After selecting the models, we found 3 possible reasons to explain why decision tree based models have much higher accuracy rate compared to distance based models like KNN and SVM.
First, It can judge the importance of the feature
Second, It can judge the interaction between different features
Third, It can avoid overfitting compared with decision tree
Here is one of the decision trees from our random forest model. Because the decision tree uses greedy approach to attain minimum gini value, we can see the first binary split on K value dramatically decreases the gini rate, which implies that feature K is much more important than other features. Thus it can make better classification and result in higher accuracy rate.
We decided to use the model with highest accuracy, which is the random forest model. We think problems that require more interpretation are case by case problems that need further model modifications or judgements based on the result. For example, for tumor detections, the doctors need to understand the models to avoid misclassification. Therefore, the models should be highly interpretable. What’s more, simple models are easier to earn trust from others such as patients.
Problems that require a high accuracy rate are ones that need to process large amounts of data at a fast pace to deliver the results to another process. There is no need to understand the model logic because high accuracy is good enough for the purpose. Even if they sometimes generate some errors, the influence will not be detrimental. For example, the users do not need to understand the complicated spam detection model. Even if spam is not detected, the overall influence is not huge, so no human interpretation and intervention is needed.

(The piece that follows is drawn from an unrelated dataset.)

(* Let $G$ be a very well-covered graph with $V(G)=\{x_1,\ldots,x_h,y_1,\ldots,y_h\}$ such that $\{x_1,\ldots,x_h\}$ is a minimal vertex cover, $\{y_1,\ldots,y_h\}$ a maximal independent set and $\{x_i,y_i\}\in E(G)$ for all $i$. Let $s\ge1$, $e_1,\ldots,e_s\in E(G)$, and let $G'$ be the graph associated to $(I(G)^{s+1}:e_1\cdots e_s)$ as in the context. Let $y\in V(G)$ and $H=G\setminus N_G[y]$. If $\{e_1,\ldots,e_s\}\cap E(H)=\{e_{i_1},\ldots,e_{i_t}\}$ and $H'$ is the graph associated (in the same way) to $(I(H)^{t+1}:e_{i_1}\cdots e_{i_t})$, then $G'\setminus N_{G'}[y]$ is an induced subgraph of $H'$. In particular $\operatorname{reg}(I(G'\setminus N_{G'}[y]))\le\operatorname{reg}(I(H'))$.
   Context: $N_G[y]$ is the closed neighbourhood of $y$; for $U\subseteq V(G)$, $G\setminus U$ is the induced subgraph on $V(G)\setminus U$. $I(\cdot)$ is the edge ideal; edges are identified with the products of their endpoints; $\operatorname{reg}$ is Castelnuovo–Mumford regularity. $G$ is very well-covered if it has no isolated vertices, all minimal vertex covers have the same size, and this size is $|V(G)|/2$. Even-connection: a sequence $p_0p_1\cdots p_{2k+1}$, $k\ge1$, with $\{p_r,p_{r+1}\}\in E(G)$ for all $r$, each $\{p_{2\ell+1},p_{2\ell+2}\}$ ($0\le\ell\le k-1$) equal to some $e_m$, each edge used among these at most as many times as it appears in $e_1,\dots,e_s$; then $p_0,p_{2k+1}$ (possibly equal) are even-connected. $(I(G)^{s+1}:e_1\cdots e_s)$ is minimally generated by $uv$ with $\{u,v\}\in E(G)$ or $u,v$ even-connected; the graph associated to it is the graph whose edge ideal is the polarization of this ideal (each generator $u^2$ replaced by $uu^*$ with a new vertex $u^*$). *)

From mathcomp Require Import all_boot.
Set Implicit Arguments. Unset Strict Implicit. Unset Printing Implicit Defensive.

For our option price situation, there are thousands of options dealing every day. The amount of data being processed is very huge that a good prediction on prices overall with some errors will be good enough. Therefore, we think accuracy matters more in this case.
Under the model, we think all of the 4 features we used are necessary and important to predict the option price. The higher current asset value and a lower strike price means the need for an asset’s price increase is lower, which means there is lower risk to lose, so the option price will be higher. Higher the interest rate, means the call option buyers can earn more interest by holding the cash in bank during the time to maturity, which means they are willing to pay more to buy the call option. In contrast, the seller lost the opportunity to benefit from the increased interest rate, because the cash is in the buyer's hand until maturity. Lastly, longer time to maturity gives call option holders more freedom to trade the option in the market which again increases the call option price. Also, from our linear regression test, the p-value for all variables are significantly under 0.05, meaning they are all important to include.

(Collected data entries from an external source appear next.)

(* Let $\epsilon\in(0,1)$, $u_0\in\mathbb{R}$, $h>0$, and let $(u_n)_{n\ge0}$ be a sequence of real numbers starting at $u_0$ and satisfying the implicit midpoint scheme $$\frac{u_n-u_{n-1}}{h}+\frac{1}{\epsilon^2}f\!\left(\frac{u_n+u_{n-1}}{2}\right)=0,\qquad n\ge1,\quad f(u)=u^3-u.$$ (i) If $u_0\in\{0,1,-1\}$ and $h\le2\epsilon^2$, then $u_n=\mathrm{sign}(u_0)$ for all $n\ge1$. (ii) If $u_0\notin\{0,1,-1\}$, define $h^*=h^*(u_0,\epsilon)=\frac{8\epsilon^2}{u_0^2+4|u_0|+3}$ if $|u_0|>1$ and $h^*=\epsilon^2$ if $0<|u_0|<1$. Then $h^*>0$ and for every $h\in(0,h^*]$ the sequence $(u_n)$ is monotone and converges to $\mathrm{sign}(u_0)$ as $n\to\infty$.
   Context: The scheme discretizes the ODE $u'(t)+\frac{1}{\epsilon^2}(u^3-u)=0$, $u(0)=u_0$. For $h\le2\epsilon^2$ each step equation has a unique real solution. Here $\mathrm{sign}(0)=0$. *)

From Stdlib Require Import Reals Lra.
Open Scope R_scope.

Definition fAC (u : R) : R := u ^ 3 - u.

Definition sgn (x : R) : R :=
  if Rlt_dec 0 x then 1 else if Rlt_dec x 0 then -1 else 0.

Definition midpoint_step (eps h a b : R) : Prop :=
  (b - a) / h + / (eps ^ 2) * fAC ((b + a) / 2) = 0.

(* the threshold h^*(u0, eps) (only meaningful for u0 not in {0,1,-1}) *)
Definition hstar (u0 eps : R) : R :=
  if Rlt_dec 1 (Rabs u0) then 8 * eps ^ 2 / (u0 ^ 2 + 4 * Rabs u0 + 3)
  else eps ^ 2.

Definition monotone_seq (u : nat -> R) : Prop :=
  (forall n, u n <= u (S n)) \/ (forall n, u (S n) <= u n).

From Stdlib Require Import Reals Lra Psatz.
Open Scope R_scope.

(* Write k = h / eps^2 and m = (a + b) / 2 for the midpoint of a step a -> b.
   The scheme reads mid_fun k m = 2 a, where mid_fun k m = 2 m + k (m^3 - m) is
   strictly increasing for k <= 2.  Hence the equilibria 0, 1, -1 are reproduced
   exactly, and comparing mid_fun k with 2 a at m = a and at m = (a + 1) / 2 traps
   b between a and 1 as long as k (a + 1) (a + 3) <= 8; this is where h* comes
   from.  The distances to 1 then satisfy
     (1 - a) - (1 - b) = k m (m + 1) / 2 * ((1 - a) + (1 - b)),
   with a coefficient bounded below along the orbit, so they decay geometrically.
   Negative u0 reduce to positive ones through the symmetry u -> -u. *)

Definition mid_fun (k m : R) : R := 2 * m + k * fAC m.

Lemma mid_fun_lt k x y : 0 < k <= 2 -> x < y -> mid_fun k x < mid_fun k y.
Proof.
  intros Hk Hxy.
  assert (Hfactor : mid_fun k y - mid_fun k x
                    = (y - x) * (2 - k + k * (x ^ 2 + x * y + y ^ 2)))
    by (unfold mid_fun, fAC; ring).
  assert (Hquad : 0 < x ^ 2 + x * y + y ^ 2)
    by (pose proof (pow2_ge_0 (x + y)); assert (0 < (y - x) ^ 2) by (apply pow_lt; lra); nra).
  assert (0 < 2 - k + k * (x ^ 2 + x * y + y ^ 2)) by nra.
  nra.
Qed.

Lemma mid_fun_le_inv k x y : 0 < k <= 2 -> mid_fun k x <= mid_fun k y -> x <= y.
Proof.
  intros Hk Hle. destruct (Rle_or_lt x y) as [|Hyx]; [assumption|].
  pose proof (mid_fun_lt k y x Hk Hyx). lra.
Qed.

Lemma mid_fun_inj k x y : 0 < k <= 2 -> mid_fun k x = mid_fun k y -> x = y.
Proof.
  intros Hk Heq.
  apply Rle_antisym; apply (mid_fun_le_inv k); lra.
Qed.

Lemma mid_fun_at_half_sum k a :
  mid_fun k ((a + 1) / 2) - 2 * a = (1 - a) * (1 - k * (a + 1) * (a + 3) / 8).
Proof. unfold mid_fun, fAC. field. Qed.

Lemma step_toward_one k a b : mid_fun k ((a + b) / 2) = 2 * a ->
  (1 - a) - (1 - b) = k * ((a + b) / 2) * ((a + b) / 2 + 1) / 2 * ((1 - a) + (1 - b)).
Proof.
  intros Hmid.
  assert (Hdiff : (1 - a) - (1 - b) - k * ((a + b) / 2) * ((a + b) / 2 + 1) / 2 * ((1 - a) + (1 - b))
              = mid_fun k ((a + b) / 2) - 2 * a) by (unfold mid_fun, fAC; field).
  lra.
Qed.

Lemma step_below_one k a b : 0 < k <= 1 -> 0 <= a <= 1 ->
  mid_fun k ((a + b) / 2) = 2 * a -> a <= b <= 1.
Proof.
  intros Hk Ha Hmid.
  assert (Hlo : mid_fun k a <= mid_fun k ((a + b) / 2)).
  { assert (a * (a - 1) * (a + 1) <= 0) by nra.
    rewrite Hmid. unfold mid_fun, fAC. nra. }
  assert (Hhi : mid_fun k ((a + b) / 2) <= mid_fun k ((a + 1) / 2)).
  { pose proof (mid_fun_at_half_sum k a).
    assert (0 <= 1 - k * (a + 1) * (a + 3) / 8) by nra.
    assert (0 <= (1 - a) * (1 - k * (a + 1) * (a + 3) / 8)) by nra.
    lra. }
  apply mid_fun_le_inv in Hlo, Hhi; lra.
Qed.

Lemma step_above_one k a b : 0 < k -> 1 <= a -> k * (a + 1) * (a + 3) <= 8 ->
  mid_fun k ((a + b) / 2) = 2 * a -> 1 <= b <= a.
Proof.
  intros Hk Ha Hk8 Hmid.
  assert (Hk1 : 0 < k <= 2) by nra.
  assert (Hhi : mid_fun k ((a + b) / 2) <= mid_fun k a).
  { assert (0 <= a * (a - 1) * (a + 1)) by nra.
    rewrite Hmid. unfold mid_fun, fAC. nra. }
  assert (Hlo : mid_fun k ((a + 1) / 2) <= mid_fun k ((a + b) / 2)).
  { pose proof (mid_fun_at_half_sum k a).
    assert (0 <= 1 - k * (a + 1) * (a + 3) / 8) by lra.
    assert ((1 - a) * (1 - k * (a + 1) * (a + 3) / 8) <= 0) by nra.
    lra. }
  apply mid_fun_le_inv in Hlo, Hhi; lra.
Qed.

Definition contraction (c : R) : R := (1 - c) / (1 + c).

Lemma contraction_bounds c : 0 < c <= 1 -> 0 <= contraction c < 1.
Proof.
  intros Hc. unfold contraction. split.
  - apply Rmult_le_pos; [lra|]. left. apply Rinv_0_lt_compat. lra.
  - apply (Rmult_lt_reg_r (1 + c)); [lra|].
    replace ((1 - c) / (1 + c) * (1 + c)) with (1 - c) by (field; lra). lra.
Qed.

Lemma le_contraction x y r c : 0 <= x -> 0 <= y -> 0 <= c <= r ->
  x - y = r * (x + y) -> y <= contraction c * x.
Proof.
  intros Hx Hy Hc Hxy. unfold contraction.
  apply (Rmult_le_reg_l (1 + c)); [lra|].
  replace ((1 + c) * ((1 - c) / (1 + c) * x)) with ((1 - c) * x) by (field; lra).
  nra.
Qed.

Lemma geometric_cv (u : nat -> R) l q : 0 <= q < 1 ->
  (forall n, Rabs (u (S n) - l) <= q * Rabs (u n - l)) -> Un_cv u l.
Proof.
  intros Hq Hcontr.
  set (C := Rabs (u 0%nat - l)).
  assert (Hbound : forall n, Rabs (u n - l) <= q ^ n * C).
  { induction n as [|n IH]; simpl; [unfold C; lra|].
    apply (Rle_trans _ (q * Rabs (u n - l))); [apply Hcontr|].
    rewrite Rmult_assoc. apply Rmult_le_compat_l; lra. }
  intros e He.
  assert (HC : 0 < C + 1) by (pose proof (Rabs_pos (u 0%nat - l)); unfold C; lra).
  destruct (pow_lt_1_zero q ltac:(rewrite Rabs_pos_eq; lra) (e / (C + 1))
              ltac:(apply Rdiv_lt_0_compat; lra)) as [N HN].
  exists N. intros n Hn. unfold R_dist.
  specialize (HN n Hn). rewrite Rabs_pos_eq in HN by (apply pow_le; lra).
  assert (Hqn : q ^ n * (C + 1) < e).
  { apply (Rmult_lt_compat_r (C + 1)) in HN; [|lra].
    replace (e / (C + 1) * (C + 1)) with e in HN by (field; lra). exact HN. }
  pose proof (Hbound n). pose proof (pow_le q n (proj1 Hq)). nra.
Qed.

Lemma midpoint_step_opp eps h a b :
  midpoint_step eps h a b -> midpoint_step eps h (- a) (- b).
Proof.
  unfold midpoint_step, fAC. intros Hstep.
  replace ((- b - - a) / h + / eps ^ 2 * (((- b + - a) / 2) ^ 3 - (- b + - a) / 2))
    with (- ((b - a) / h + / eps ^ 2 * (((b + a) / 2) ^ 3 - (b + a) / 2)))
    by (unfold Rdiv; ring).
  rewrite Hstep. ring.
Qed.

Lemma hstar_opp u0 eps : hstar (- u0) eps = hstar u0 eps.
Proof.
  unfold hstar. rewrite Rabs_Ropp.
  replace ((- u0) ^ 2) with (u0 ^ 2) by ring. reflexivity.
Qed.

Lemma hstar_pos u0 eps : 0 < eps -> 0 < hstar u0 eps.
Proof.
  intros Heps. unfold hstar.
  destruct (Rlt_dec 1 (Rabs u0)); [|apply pow_lt; lra].
  apply Rdiv_lt_0_compat; [apply Rmult_lt_0_compat; [lra|apply pow_lt; lra]|].
  pose proof (Rabs_pos u0). nra.
Qed.

Lemma sgn_pos x : 0 < x -> sgn x = 1.
Proof. intros Hx. unfold sgn. destruct (Rlt_dec 0 x); lra. Qed.

Lemma sgn_opp x : sgn (- x) = - sgn x.
Proof.
  unfold sgn.
  destruct (Rlt_dec 0 x), (Rlt_dec x 0), (Rlt_dec 0 (- x)), (Rlt_dec (- x) 0); lra.
Qed.

Lemma sgn_equilibrium c : c = 0 \/ c = 1 \/ c = -1 -> sgn c = c.
Proof.
  unfold sgn. intros Hc.
  destruct (Rlt_dec 0 c), (Rlt_dec c 0); lra.
Qed.

Lemma fAC_equilibrium c : c = 0 \/ c = 1 \/ c = -1 -> fAC c = 0.
Proof. unfold fAC. intros [->|[->| ->]]; ring. Qed.

Lemma monotone_seq_opp (u : nat -> R) : monotone_seq (fun n => - u n) -> monotone_seq u.
Proof.
  intros [Hincr|Hdecr]; [right|left]; intros n;
    [specialize (Hincr n) | specialize (Hdecr n)]; lra.
Qed.

Lemma Un_cv_opp (u : nat -> R) l : Un_cv (fun n => - u n) l -> Un_cv u (- l).
Proof.
  intros Hcv e He. destruct (Hcv e He) as [N HN].
  exists N. intros n Hn. specialize (HN n Hn). unfold R_dist in *.
  replace (u n - - l) with (- (- u n - l)) by ring.
  rewrite Rabs_Ropp. exact HN.
Qed.

Section MidpointScheme.

Variables eps h : R.
Hypothesis eps_pos : 0 < eps.
Hypothesis h_pos : 0 < h.

Lemma step_ratio_pos : 0 < h / eps ^ 2.
Proof. apply Rdiv_lt_0_compat; [lra|apply pow_lt; lra]. Qed.

Lemma step_ratio_le C : h <= C * eps ^ 2 -> h / eps ^ 2 <= C.
Proof.
  intros Hh. apply (Rmult_le_reg_r (eps ^ 2)); [apply pow_lt; lra|].
  replace (h / eps ^ 2 * eps ^ 2) with h by (field; lra). exact Hh.
Qed.

Lemma midpoint_step_mid_fun a b :
  midpoint_step eps h a b -> mid_fun (h / eps ^ 2) ((a + b) / 2) = 2 * a.
Proof.
  unfold midpoint_step. intros Hstep.
  replace (mid_fun (h / eps ^ 2) ((a + b) / 2))
    with (2 * a + h * ((b - a) / h + / eps ^ 2 * fAC ((b + a) / 2)))
    by (unfold mid_fun, fAC; field; lra).
  rewrite Hstep. ring.
Qed.

Lemma midpoint_seq_equilibrium (u : nat -> R) : fAC (u 0%nat) = 0 ->
  h <= 2 * eps ^ 2 -> (forall n, midpoint_step eps h (u n) (u (S n))) ->
  forall n, u n = u 0%nat.
Proof.
  intros Hfix Hh Hstep.
  assert (Hk : 0 < h / eps ^ 2 <= 2) by (split; [apply step_ratio_pos|apply step_ratio_le, Hh]).
  induction n as [|n IH]; [reflexivity|].
  pose proof (midpoint_step_mid_fun _ _ (Hstep n)) as Hmid.
  assert (Hrest : mid_fun (h / eps ^ 2) (u 0%nat) = 2 * u 0%nat)
    by (unfold mid_fun; rewrite Hfix; ring).
  rewrite IH, <- Hrest in Hmid.
  apply mid_fun_inj in Hmid; [lra|exact Hk].
Qed.

Lemma midpoint_cv_below_one (u : nat -> R) : 0 < u 0%nat < 1 -> h <= eps ^ 2 ->
  (forall n, midpoint_step eps h (u n) (u (S n))) ->
  (forall n, u n <= u (S n)) /\ Un_cv u 1.
Proof.
  intros Hu0 Hh Hstep.
  set (k := h / eps ^ 2).
  assert (Hk : 0 < k <= 1)
    by (split; [apply step_ratio_pos|apply step_ratio_le; lra]).
  assert (Hmid : forall n, mid_fun k ((u n + u (S n)) / 2) = 2 * u n)
    by (intros n; apply midpoint_step_mid_fun, Hstep).
  assert (Hinv : forall n, u 0%nat <= u n <= 1).
  { induction n as [|n IH]; [lra|].
    pose proof (step_below_one k (u n) (u (S n)) Hk ltac:(lra) (Hmid n)). lra. }
  assert (Hincr : forall n, u n <= u (S n) <= 1)
    by (intros n; apply (step_below_one k); [exact Hk|pose proof (Hinv n); lra|apply Hmid]).
  split; [intros n; apply Hincr|].
  set (c := k * u 0%nat * (u 0%nat + 1) / 2).
  apply (geometric_cv u 1 (contraction c)).
  { apply contraction_bounds. unfold c. split; nra. }
  intros n. destruct (Hinv n), (Hincr n).
  rewrite !(Rabs_minus_sym _ 1), !Rabs_pos_eq by lra.
  pose proof (step_toward_one _ _ _ (Hmid n)) as Htoward.
  set (m := (u n + u (S n)) / 2) in Htoward.
  apply (le_contraction _ _ (k * m * (m + 1) / 2) c); [lra|lra| |exact Htoward].
  assert (u 0%nat * (u 0%nat + 1) <= m * (m + 1)) by (unfold m; nra).
  unfold c. split; nra.
Qed.

Lemma midpoint_cv_above_one (u : nat -> R) : 1 < u 0%nat ->
  h <= 8 * eps ^ 2 / ((u 0%nat + 1) * (u 0%nat + 3)) ->
  (forall n, midpoint_step eps h (u n) (u (S n))) ->
  (forall n, u (S n) <= u n) /\ Un_cv u 1.
Proof.
  intros Hu0 Hh Hstep.
  set (k := h / eps ^ 2).
  assert (Hk0 : 0 < k) by apply step_ratio_pos.
  assert (Hk8 : k * ((u 0%nat + 1) * (u 0%nat + 3)) <= 8).
  { assert (HD : 0 < (u 0%nat + 1) * (u 0%nat + 3)) by nra.
    assert (Hk : k <= 8 / ((u 0%nat + 1) * (u 0%nat + 3))).
    { apply step_ratio_le.
      replace (8 / ((u 0%nat + 1) * (u 0%nat + 3)) * eps ^ 2)
        with (8 * eps ^ 2 / ((u 0%nat + 1) * (u 0%nat + 3))) by (field; lra).
      exact Hh. }
    apply (Rmult_le_compat_r ((u 0%nat + 1) * (u 0%nat + 3))) in Hk; [|lra].
    replace (8 / ((u 0%nat + 1) * (u 0%nat + 3)) * ((u 0%nat + 1) * (u 0%nat + 3)))
      with 8 in Hk by (field; lra).
    exact Hk. }
  assert (Hk1 : k <= 1) by nra.
  assert (Hmid : forall n, mid_fun k ((u n + u (S n)) / 2) = 2 * u n)
    by (intros n; apply midpoint_step_mid_fun, Hstep).
  assert (Hstep_above : forall n, 1 <= u n <= u 0%nat -> 1 <= u (S n) <= u n).
  { intros n Hn. apply (step_above_one k); [exact Hk0|lra| |apply Hmid]. nra. }
  assert (Hinv : forall n, 1 <= u n <= u 0%nat).
  { induction n as [|n IH]; [lra|]. pose proof (Hstep_above n IH). lra. }
  split; [intros n; apply Hstep_above, Hinv|].
  apply (geometric_cv u 1 (contraction k)); [apply contraction_bounds; lra|].
  intros n. destruct (Hinv n), (Hstep_above n (Hinv n)).
  rewrite !Rabs_pos_eq by lra.
  pose proof (step_toward_one _ _ _ (Hmid n)) as Htoward.
  set (m := (u n + u (S n)) / 2) in Htoward.
  apply (le_contraction _ _ (k * m * (m + 1) / 2) k); [lra|lra| |lra].
  assert (1 <= m * (m + 1) / 2) by (assert (1 <= m) by (unfold m; lra); nra).
  split; nra.
Qed.

Lemma midpoint_cv_pos (u : nat -> R) : 0 < u 0%nat -> u 0%nat <> 1 ->
  h <= hstar (u 0%nat) eps -> (forall n, midpoint_step eps h (u n) (u (S n))) ->
  monotone_seq u /\ Un_cv u 1.
Proof.
  intros Hpos Hne1 Hh Hstep.
  unfold hstar in Hh. rewrite Rabs_pos_eq in Hh by lra.
  destruct (Rlt_dec 1 (u 0%nat)) as [Habove|Hbelow].
  - destruct (midpoint_cv_above_one u Habove) as [Hdecr Hcv]; [|exact Hstep|].
    + replace ((u 0%nat + 1) * (u 0%nat + 3)) with (u 0%nat ^ 2 + 4 * u 0%nat + 3) by ring.
      exact Hh.
    + split; [right|]; assumption.
  - destruct (midpoint_cv_below_one u) as [Hincr Hcv]; [lra|exact Hh|exact Hstep|].
    split; [left|]; assumption.
Qed.

Lemma midpoint_cv_sgn (u : nat -> R) : ~ (u 0%nat = 0 \/ u 0%nat = 1 \/ u 0%nat = -1) ->
  h <= hstar (u 0%nat) eps -> (forall n, midpoint_step eps h (u n) (u (S n))) ->
  monotone_seq u /\ Un_cv u (sgn (u 0%nat)).
Proof.
  intros Hnfix Hh Hstep.
  destruct (Rtotal_order (u 0%nat) 0) as [Hneg|[Hzero|Hpos]]; [|tauto|].
  - rewrite <- (Ropp_involutive (u 0%nat)), sgn_opp, sgn_pos by lra.
    destruct (midpoint_cv_pos (fun n => - u n)) as [Hmono Hcv].
    + lra.
    + lra.
    + rewrite hstar_opp. exact Hh.
    + intros n. apply midpoint_step_opp, Hstep.
    + split; [apply monotone_seq_opp|apply Un_cv_opp]; assumption.
  - rewrite sgn_pos by lra. apply midpoint_cv_pos; [lra|lra|exact Hh|exact Hstep].
Qed.

End MidpointScheme.

Theorem theorem3p7 (eps u0 h : R) (u : nat -> R) :
  0 < eps < 1 -> 0 < h -> u 0%nat = u0 ->
  (forall n : nat, midpoint_step eps h (u n) (u (S n))) ->
  ((u0 = 0 \/ u0 = 1 \/ u0 = -1) -> h <= 2 * eps ^ 2 ->
      forall n : nat, (1 <= n)%nat -> u n = sgn u0) /\
  (~ (u0 = 0 \/ u0 = 1 \/ u0 = -1) ->
      0 < hstar u0 eps /\
      (h <= hstar u0 eps -> monotone_seq u /\ Un_cv u (sgn u0))).
Proof.
  intros [Heps _] Hh Hu0 Hstep. subst u0. split.
  - intros Hfix Hh2 n _.
    rewrite sgn_equilibrium by exact Hfix.
    apply (midpoint_seq_equilibrium eps h Heps Hh);
      [apply fAC_equilibrium, Hfix|exact Hh2|exact Hstep].
  - intros Hnfix. split; [apply hstar_pos, Heps|].
    intros Hhs. apply (midpoint_cv_sgn eps h); assumption.
Qed.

Machine Learning models avoid assumptions made for Black-Scholes like constant risk-free rates and volatility over the option’s life and learn from historical data. The assumptions are not true in reality that volatility fluctuates with the level of supply and demand. Additionally, the other assumptions can lead to prices that deviate from the real world. Instead, machine learning models release the model and calculate prices from a large amount of historical data. And this pricing process can reproduce most of the empirical characteristics of options prices. In this sense, Machine Learning Models Outperform Black-Scholes.